Mumps- Need I Say More?

A few weeks ago I was finishing up my post on SIDS and facing the prospect of writer’s block. I just wasn’t sure what to write after the SIDS post was finished. And then Sidney Crosby of the Pittsburgh Penguins developed the mumps after receiving an MMR booster before the Sochi Olympics. Suddenly, my writer’s block was solved!

I have actually heard people say that we vaccinate for mumps because people used to die from it. This is, of course, a display of ignorance. (The irony is that those of us who choose not to vaccinate are usually referred to as being uneducated or gullible no matter how sound our reasoning and research and those who defend vaccination are considered educated and sensible no matter how uninformed their stance is.) Obviously, Sidney Crosby and his fellow hockey players, referees and coaches who have been infected are all alive. Mumps is generally not deadly or even complicated unless you happen to be very immunocompromised. Even complications such as aseptic meningitis are usually mild with a good prognosis.

We keep hearing statistics that say that before the vaccine was introduced there were 200,000 cases of mumps every year and then the disease quickly dropped off after the advent of mumps vaccination. OK, so there were 200,000 cases. But why in and of itself is this a public health catastrophe? The answer is that it really isn’t a public health catastrophe.

Much has been said about the possibility of orchitis (infection of the testicles) in teenage boys and men, however, infection is unilateral most of the time, meaning that it only infects one testicle, allowing a man to still carry plenty of sperm to have children. In rare cases, fertility can be impaired, but sterility is extraordinarily rare. A condition called oophoritis (benign inflammation of the ovaries) occurs in about 5% of women and post-pubertal girls, though it does not affect fertility. Mumps during pregnancy can increase the risk of spontaneous abortion. But isn’t this why vaccination is so crucial, you say? We need to protect the adult population because these diseases can have more severe effects when they strike adult populations.

Actually, this is why it might be in the public’s best interest not to vaccinate for mumps.

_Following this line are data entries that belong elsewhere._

(* Let $\beta$ be a totally positive quadratic integer with $\operatorname{Tr}\beta > \operatorname{Nm}\beta$. Then there exists a constant $c_\beta > 0$ such that $p_\beta\big((\operatorname{Tr}\beta)\beta^n\big) \leq c_\beta$ for all $n \in \mathbb{Z}_{\geq 0}$.
   Context: A quadratic integer is a root of a monic irreducible quadratic polynomial in $\mathbb{Z}[x]$; it is totally positive if both it and its conjugate $\beta'$ are positive. $\operatorname{Tr}\beta = \beta + \beta'$, $\operatorname{Nm}\beta = \beta\beta'$. For $\alpha \in \mathbb{C}$, $p_\beta(\alpha) \in \mathbb{Z}_{\geq 0}\cup\{\infty\}$ is the number of polynomials $f \in \mathbb{Z}_{\geq 0}[x]$ (non-negative integer coefficients) with $f(\beta) = \alpha$. *)

From HB Require Import structures.
From mathcomp Require Import all_boot all_order all_algebra.
Set Implicit Arguments. Unset Strict Implicit. Unset Printing Implicit Defensive.
Import Order.TTheory GRing.Theory Num.Theory.
Local Open Scope ring_scope.

Definition quad_poly (t m : int) : {poly int} := 'X^2 - t *: 'X + m%:P.

(* beta (in an ordered field R) is a quadratic integer with minimal polynomial
   X^2 - t X + m (monic, irreducible in Z[x]); then Tr beta = t, Nm beta = m
   and the conjugate of beta is t - beta. *)
Definition quad_int_with (R : realFieldType) (beta : R) (t m : int) : Prop :=
  irreducible_poly (quad_poly t m) /\ root (map_poly intr (quad_poly t m)) beta.

Definition totally_pos_with (R : realFieldType) (beta : R) (t : int) : Prop :=
  0 < beta /\ 0 < t%:~R - beta.

Definition nonneg_coef (f : {poly int}) : Prop := forall i : nat, 0 <= f`_i.

(* The set counted by p_beta(alpha). *)
Definition pbeta_sols (R : realFieldType) (beta alpha : R) (f : {poly int}) : Prop :=
  nonneg_coef f /\ (map_poly intr f).[beta] = alpha.

(* p_beta(alpha) <= c  (in Z_{>=0} u {oo}): the solution set is finite,
   enumerated by a duplicate-free list of length at most c. *)
Definition pbeta_le (R : realFieldType) (beta alpha : R) (c : nat) : Prop :=
  exists s : seq {poly int},
    [/\ uniq s, (size s <= c)%N & forall f, f \in s <-> pbeta_sols beta alpha f].

From mathcomp Require Import all_boot all_order all_algebra.
From mathcomp Require Import ring lra zify.
Import Order.TTheory GRing.Theory Num.Theory.
Local Open Scope ring_scope.

(* Let beta' = t - beta be the conjugate of beta.  Irreducibility of
   X^2 - tX + m excludes the root 1, so m <= t - 2; since beta + beta' = t and
   beta beta' = m, the larger of beta, beta' is some g >= 2 and the smaller some
   d <= 1 - 1/t.  A representation f(beta) = t beta^n with f in Z_{>=0}[x]
   transfers to f(g) = t g^n and f(d) = t d^n.  Comparing a single term f_k x^k
   with these values, the growth of g^k kills the coefficients of index
   >= n + t, the decay of d^k kills those of index <= n - t^2, and the others
   are at most t^(t^2+1).  So f lies in a box of polynomials whose size does not
   depend on n. *)

Section QuadPoly.

Context {t m : int}.

Lemma size_quad_poly : size (quad_poly t m) = 3%N.
Proof.
rewrite /quad_poly -addrA size_polyDl size_polyXn //.
apply: leq_ltn_trans (size_polyD _ _) _.
rewrite gtn_max size_polyC size_polyN (leq_ltn_trans (size_scale_leq _ _)) ?size_polyX //.
by case: (m != 0).
Qed.

Lemma quad_poly_monic : quad_poly t m \is monic.
Proof.
by rewrite monicE /lead_coef size_quad_poly /quad_poly !coefE /= mulr0 subr0 addr0.
Qed.

Lemma horner_quad_poly (R : realFieldType) (x : R) :
  (map_poly intr (quad_poly t m)).[x] = x ^+ 2 - t%:~R * x + m%:~R.
Proof.
by rewrite /quad_poly rmorphD rmorphB /= map_polyXn map_polyZ map_polyX map_polyC !hornerE.
Qed.

(* a^2 + t a b + m b^2 = b^2 P(-a/b) for P = quad_poly t m: an irreducible
   quadratic has no rational root. *)
Lemma irreducible_quad_poly_form (a b : int) :
  irreducible_poly (quad_poly t m) -> b != 0 -> a ^+ 2 + t * a * b + m * b ^+ 2 != 0.
Proof.
move=> [_ irr] b_neq0; apply/eqP => form0.
pose q : {poly int} := b *: 'X + a%:P.
have size_q : size q = 2%N.
  by rewrite size_polyDl ?size_scale ?size_polyX ?size_polyC //; case: (a != 0).
have /irr : q %| quad_poly t m.
  apply/Pdiv.Idomain.dvdpP; exists (b ^+ 2, b *: 'X - (t * b + a)%:P).
    by rewrite /= expf_neq0.
  apply/eqP; rewrite /= -subr_eq0 /q /quad_poly -!mul_polyC.
  have -> : (b ^+ 2)%:P * ('X^2 - t%:P * 'X + m%:P) -
      (b%:P * 'X - (t * b + a)%:P) * (b%:P * 'X + a%:P) =
      (a ^+ 2 + t * a * b + m * b ^+ 2)%:P.
    by rewrite !expr2 !polyCD !polyCM; ring.
  by rewrite form0.
by rewrite size_q => /(_ isT) /eqp_size; rewrite size_q size_quad_poly.
Qed.

Lemma irreducible_quad_poly_le_sub2 :
  irreducible_poly (quad_poly t m) -> m < t -> m <= t - 2.
Proof.
move=> irr m_lt_t; have := irreducible_quad_poly_form (-1) 1 irr (oner_neq0 _).
by rewrite sqrrN !expr1n !mulr1 mulrN1; lia.
Qed.

End QuadPoly.

Lemma horner_size2 (R : realFieldType) (r : {poly int}) (x : R) :
  (size r <= 2)%N -> (map_poly intr r).[x] = (r`_0)%:~R + (r`_1)%:~R * x.
Proof.
move=> size_r; rewrite (@horner_coef_wide _ 2).
  by rewrite !big_ord_recr big_ord0 /= !coef_map /= expr0 expr1 mulr1 add0r.
exact: leq_trans (size_poly _ _) size_r.
Qed.

Lemma quad_roots_split {R : realFieldType} {x y s : R} :
  x + y = s -> 0 < y -> y <= x -> x * y + 2 <= s -> [/\ 2 <= x, x <= s & y * s <= s - 1].
Proof.
move=> <- y_gt0 y_le xy_le.
have y_lt1 : y < 1 by nra.
have x_ge2 : 2 <= x by nra.
by split; nra.
Qed.

Section Conjugate.

Context {R : realFieldType} {beta : R} {t m : int}.
Hypothesis beta_quad : quad_int_with beta t m.

Lemma quad_int_linear_eq0 (a b : int) : a%:~R + b%:~R * beta = 0 -> a = 0 /\ b = 0.
Proof.
case: beta_quad => irr /eqP; rewrite horner_quad_poly => beta_root lin0.
have [b0|b_neq0] := eqVneq b 0.
  by move: lin0; rewrite b0 mul0r addr0 => /eqP; rewrite intr_eq0 => /eqP.
have /eqP[] := irreducible_quad_poly_form a b irr b_neq0.
apply: (@intr_inj R); have a_eq : a%:~R = - (b%:~R * beta) :> R by lra.
rewrite rmorph0 !rmorphD !rmorphM /= a_eq.
transitivity (b%:~R ^+ 2 * (beta ^+ 2 - t%:~R * beta + m%:~R) : R); first ring.
by rewrite beta_root mulr0.
Qed.

Lemma horner_conj_eq0 (g : {poly int}) :
  (map_poly intr g).[beta] = 0 -> (map_poly intr g).[t%:~R - beta] = 0.
Proof.
have [irr /eqP beta_root] := beta_quad.
set r := g %% quad_poly t m.
have horner_mod x : (map_poly intr (quad_poly t m)).[x] = 0 ->
    (map_poly intr g).[x] = (map_poly intr r).[x] :> R.
  move=> x_root; rewrite {1}(Pdiv.IdomainMonic.divp_eq (@quad_poly_monic t m) g).
  by rewrite rmorphD rmorphM /= hornerD hornerM x_root mulr0 add0r.
have conj_root : (map_poly intr (quad_poly t m)).[t%:~R - beta] = 0.
  by rewrite -beta_root !horner_quad_poly; ring.
have size_r : (size r <= 2)%N.
  by rewrite -ltnS -(@size_quad_poly t m) ltn_modp -size_poly_eq0 size_quad_poly.
rewrite (horner_mod _ beta_root) (horner_mod _ conj_root) !horner_size2 //.
by move=> /quad_int_linear_eq0[-> ->]; rewrite mul0r addr0.
Qed.

Lemma horner_conj_eq (f : {poly int}) (c : int) (n : nat) :
  (map_poly intr f).[beta] = c%:~R * beta ^+ n ->
  (map_poly intr f).[t%:~R - beta] = c%:~R * (t%:~R - beta) ^+ n.
Proof.
have horner_diff x : (map_poly intr (f - c *: 'X^n)).[x] =
    (map_poly intr f).[x] - c%:~R * x ^+ n :> R.
  by rewrite rmorphB /= map_polyZ map_polyXn !hornerE.
move=> /eqP; rewrite -subr_eq0 -horner_diff => /eqP /horner_conj_eq0.
by rewrite horner_diff => /eqP; rewrite subr_eq0 => /eqP.
Qed.

Lemma quad_int_conj_split :
  0 < beta -> 0 < t%:~R - beta -> m%:~R + 2 <= t%:~R :> R ->
  exists g d : R, [/\ 2 <= g, g <= t%:~R, 0 < d, d * t%:~R <= t%:~R - 1 &
    forall (f : {poly int}) (c : int) (n : nat),
      (map_poly intr f).[beta] = c%:~R * beta ^+ n ->
      (map_poly intr f).[g] = c%:~R * g ^+ n /\ (map_poly intr f).[d] = c%:~R * d ^+ n].
Proof.
move=> beta_gt0 conj_gt0 m_le.
have [_ /eqP] := beta_quad; rewrite horner_quad_poly => beta_root.
have sum : beta + (t%:~R - beta) = t%:~R by ring.
have prod_le : beta * (t%:~R - beta) + 2 <= t%:~R by lra.
have [conj_le|conj_gt] := lerP (t%:~R - beta) beta.
- have [? ? ?] := quad_roots_split sum conj_gt0 conj_le prod_le.
  by exists beta, (t%:~R - beta); split=> // f c n f_beta; split=> //; apply: horner_conj_eq.
- rewrite addrC in sum; rewrite mulrC in prod_le.
  have [? ? ?] := quad_roots_split sum beta_gt0 (ltW conj_gt) prod_le.
  by exists (t%:~R - beta), beta; split=> // f c n f_beta; split=> //; apply: horner_conj_eq.
Qed.

End Conjugate.

Lemma natr_succ_le_expr {R : realFieldType} {x : R} (j : nat) :
  2 <= x -> j.+1%:R <= x ^+ j.
Proof.
move=> x_ge2; apply: (@le_trans _ _ (2 ^+ j)); last by rewrite lerXn2r // nnegrE; lra.
by rewrite -natrX ler_nat ltn_expl.
Qed.

Lemma expr_bernoulli_le (R : realFieldType) (x a : R) (j : nat) :
  0 <= x -> 0 < a -> x * (a + 1) <= a -> x ^+ j * (a + j%:R) <= a.
Proof.
move=> x_ge0 a_gt0 xa_le; elim: j => [|j IH]; first by rewrite expr0 addr0 mul1r.
have xj_ge0 : 0 <= x ^+ j by exact: exprn_ge0.
suff : a * (x ^+ j.+1 * (a + j.+1%:R)) <= a * a by rewrite ler_pM2l.
apply: (le_trans _ (ler_pM _ _ IH xa_le)); rewrite ?mulr_ge0 ?addr_ge0 //; try lra.
rewrite -subr_ge0 exprS -natr1.
have -> : x ^+ j * (a + j%:R) * (x * (a + 1)) - a * (x * x ^+ j * (a + (j%:R + 1))) =
    x * x ^+ j * j%:R by ring.
by rewrite !mulr_ge0.
Qed.

Lemma coef_mul_expr_le_horner {R : realFieldType} {f : {poly int}} {x : R} (k : nat) :
  nonneg_coef f -> 0 <= x -> (f`_k)%:~R * x ^+ k <= (map_poly intr f).[x].
Proof.
move=> f_ge0 x_ge0.
have term_ge0 (i : 'I_(size f)) : 0 <= (map_poly intr f)`_i * x ^+ i.
  by rewrite coef_map /= mulr_ge0 ?exprn_ge0 ?ler0z.
rewrite (@horner_coef_wide _ (size f)); last exact: size_poly.
have [k_lt|k_ge] := ltnP k (size f); last by rewrite nth_default // mul0r sumr_ge0.
by rewrite (bigD1 (Ordinal k_lt)) //= coef_map lerDl sumr_ge0.
Qed.

Section CoefBounds.

Context {R : realFieldType} {f : {poly int}} {T n : nat}.
Hypothesis f_ge0 : nonneg_coef f.

Lemma coef_eq0_of_small_root {d : R} {k : nat} :
  0 < d -> d * T%:R <= T%:R - 1 -> (map_poly intr f).[d] = T%:R * d ^+ n ->
  (k + T * T <= n)%N -> f`_k = 0.
Proof.
move=> d_gt0 dT_le fd k_le.
have T_gt1 : 1 < T%:R :> R by have := ler0n R T; nra.
have /subnKC n_eq : (k <= n)%N by lia.
have dk_gt0 : 0 < d ^+ k by exact: exprn_gt0.
have dj_ge0 : 0 <= d ^+ (n - k) by rewrite exprn_ge0 ?ltW.
have decay : d ^+ (n - k) * (T%:R - 1 + (n - k)%:R) <= T%:R - 1.
  by apply: expr_bernoulli_le; lra.
have T2_le : T%:R * T%:R <= (n - k)%:R :> R by rewrite -natrM ler_nat; lia.
(* T d^j (T - 1 + j) <= T (T - 1) < T - 1 + T^2 <= T - 1 + j *)
have Tdj_lt1 : T%:R * d ^+ (n - k) < 1 by nra.
have : (f`_k)%:~R * d ^+ k < 1 * d ^+ k.
  apply: le_lt_trans (coef_mul_expr_le_horner k f_ge0 (ltW d_gt0)) _.
  by rewrite fd -{1}n_eq exprD mulrA mulrAC ltr_pM2r.
rewrite ltr_pM2r // -(rmorph1 (intr : int -> R)) ltr_int.
by have := f_ge0 k; lia.
Qed.

Lemma coef_eq0_of_large_root {g : R} {k : nat} :
  2 <= g -> (map_poly intr f).[g] = T%:R * g ^+ n -> (n + T <= k)%N -> f`_k = 0.
Proof.
move=> g_ge2 fg k_ge.
have /subnKC k_eq : (n <= k)%N by lia.
have gn_gt0 : 0 < g ^+ n by apply: exprn_gt0; lra.
have growth : T%:R < g ^+ (k - n).
  by apply: lt_le_trans (natr_succ_le_expr (k - n) g_ge2); rewrite ltr_nat; lia.
suff : ~ (1 <= f`_k) by have := f_ge0 k; lia.
rewrite -(ler_int R) rmorph1 => fk_ge1.
have : g ^+ k <= T%:R * g ^+ n.
  rewrite -fg; apply: le_trans _ (coef_mul_expr_le_horner k f_ge0 _); last lra.
  by rewrite ler_peMl // exprn_ge0 //; lra.
by rewrite -k_eq exprD mulrC ler_pM2r // leNgt growth.
Qed.

Lemma coef_le_of_large_root {g : R} {k : nat} :
  1 <= g <= T%:R -> (map_poly intr f).[g] = T%:R * g ^+ n -> (n < k + T * T)%N ->
  f`_k <= (T ^ (T * T).+1)%N.
Proof.
move=> /andP[g_ge1 g_leT] fg k_gt.
have gk_gt0 : 0 < g ^+ k by apply: exprn_gt0; lra.
rewrite -(ler_int R); change ((f`_k)%:~R <= (T ^ (T * T).+1)%:R :> R).
rewrite natrX exprS.
have : (f`_k)%:~R * g ^+ k <= T%:R * g ^+ (T * T) * g ^+ k.
  apply: le_trans (coef_mul_expr_le_horner k f_ge0 _) _; first lra.
  by rewrite fg -mulrA -exprD ler_wpM2l // ler_weXn2l //; lia.
rewrite ler_pM2r // => /le_trans; apply; rewrite ler_wpM2l // lerXn2r // nnegrE; lra.
Qed.

End CoefBounds.

Lemma poly_box_enum (P : pred {poly int}) (s W B : nat) :
  (forall f, P f -> forall k,
     [/\ (k < s)%N -> f`_k = 0, (s + W < k)%N -> f`_k = 0 & 0 <= f`_k <= B%:Z]) ->
  exists l : seq {poly int},
    [/\ uniq l, (size l <= B.+1 ^ W.+1)%N & forall f, (f \in l) = P f].
Proof.
move=> in_box.
pose poly_of (v : {ffun 'I_W.+1 -> 'I_B.+1}) : {poly int} :=
  \poly_(i < s + W.+1) (if (s <= i)%N then (v (inord (i - s)) : nat)%:Z else 0).
exists [seq f <- undup (map poly_of (enum {ffun 'I_W.+1 -> 'I_B.+1})) | P f]; split.
- by rewrite filter_uniq ?undup_uniq.
- rewrite size_filter (leq_trans (count_size _ _)) // (leq_trans (size_undup _)) //.
  by rewrite size_map -cardE card_ffun !card_ord.
move=> f; rewrite mem_filter mem_undup andbC.
apply/andP/idP => [[] //|Pf]; split => //; apply/mapP.
exists [ffun j : 'I_W.+1 => inord `|f`_(s + j)| : 'I_B.+1]; first by rewrite mem_enum.
apply/polyP => i; rewrite coef_poly.
have [f_lo f_hi /andP[fi_ge0 fi_le]] := in_box f Pf i.
case: ltnP => [i_lt|i_ge]; last by rewrite f_hi //; lia.
case: leqP => [s_le|s_gt]; last by rewrite f_lo.
by rewrite ffunE !inordK ?subnKC //; lia.
Qed.

Definition pbeta_solb {R : realFieldType} (beta alpha : R) (f : {poly int}) : bool :=
  all (fun a => 0 <= a) f && ((map_poly intr f).[beta] == alpha).

Lemma pbeta_solsP (R : realFieldType) (beta alpha : R) (f : {poly int}) :
  reflect (pbeta_sols beta alpha f) (pbeta_solb beta alpha f).
Proof.
apply: (iffP andP) => [[/(all_nthP 0) f_ge0 /eqP f_beta]|[f_ge0 f_beta]].
  split=> // i; have [/f_ge0 //|i_ge] := ltnP i (size f).
  by rewrite nth_default.
by split; [apply/(all_nthP 0) => i _; apply: f_ge0 | apply/eqP].
Qed.

Lemma pbeta_le_of_box (R : realFieldType) (beta alpha : R) (s W B : nat) :
  (forall f, pbeta_sols beta alpha f -> forall k,
     [/\ (k < s)%N -> f`_k = 0, (s + W < k)%N -> f`_k = 0 & f`_k <= B%:Z]) ->
  pbeta_le beta alpha (B.+1 ^ W.+1).
Proof.
move=> in_box.
have [|l [l_uniq l_size l_mem]] := @poly_box_enum (pbeta_solb beta alpha) s W B.
  move=> f /pbeta_solsP f_sol k; have [f_lo f_hi f_le] := in_box f f_sol k.
  by split=> //; rewrite f_le andbT; case: f_sol.
by exists l; split=> // f; rewrite l_mem; split=> /pbeta_solsP.
Qed.


Theorem proposition11 (R : realFieldType) (beta : R) (t m : int) :
  quad_int_with beta t m ->
  totally_pos_with beta t ->
  m < t ->
  exists c : nat, (0 < c)%N /\
    forall n : nat, pbeta_le beta (t%:~R * beta ^+ n) c.
Proof.
move=> beta_quad [beta_gt0 conj_gt0] m_lt_t.
have m_le : m%:~R + 2 <= t%:~R :> R.
  have := irreducible_quad_poly_le_sub2 beta_quad.1 m_lt_t.
  by rewrite -(ler_int R) rmorphB /= lerBrDr.
have [g [d [g_ge2 g_le d_gt0 d_le conj_values]]] :=
  quad_int_conj_split beta_quad beta_gt0 conj_gt0 m_le.
have t_gt0 : 0 < t by rewrite -(ltr_int R); lra.
pose T := `|t|%N; have tT : t%:~R = T%:R :> R by rewrite -[t]gez0_abs ?ltW.
rewrite tT in g_le d_le.
(* Every solution is supported on [n - T^2, n + T], with coefficients at most T^(T^2+1). *)
exists ((T ^ (T * T).+1).+1 ^ (T * T + T).+1)%N; split=> [|n]; first by rewrite expn_gt0.
apply: (@pbeta_le_of_box _ _ _ (n - T * T)) => f [f_ge0 f_beta] k.
have [f_g f_d] := conj_values f t n f_beta; rewrite tT in f_g f_d.
split=> [k_lt|k_gt|].
- by apply: (coef_eq0_of_small_root f_ge0 d_gt0 d_le f_d); lia.
- by apply: (coef_eq0_of_large_root f_ge0 g_ge2 f_g); lia.
have [k_le|k_gt] := leqP (k + T * T) n.
  by rewrite (coef_eq0_of_small_root f_ge0 d_gt0 d_le f_d k_le).
by apply: (coef_le_of_large_root f_ge0 _ f_g k_gt); rewrite g_le andbT; lra.
Qed.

Before vaccination was introduced en masse, mumps was a childhood disease. People would usually get it as young children (before puberty increased the chances of more complications) and then have life-long immunity. Trying to prevent children from getting the mumps actually opens them up to more complications later on and deprives them of life-long immunity that would protect them once they are adults. This is especially crucial when the vaccine lacks efficacy. Yep, this latest high profile outbreak of mumps has brought to light some rather uncomfortable truths and accusations about the MMR shot, especially when a star hockey player gets sick after receiving a booster shot.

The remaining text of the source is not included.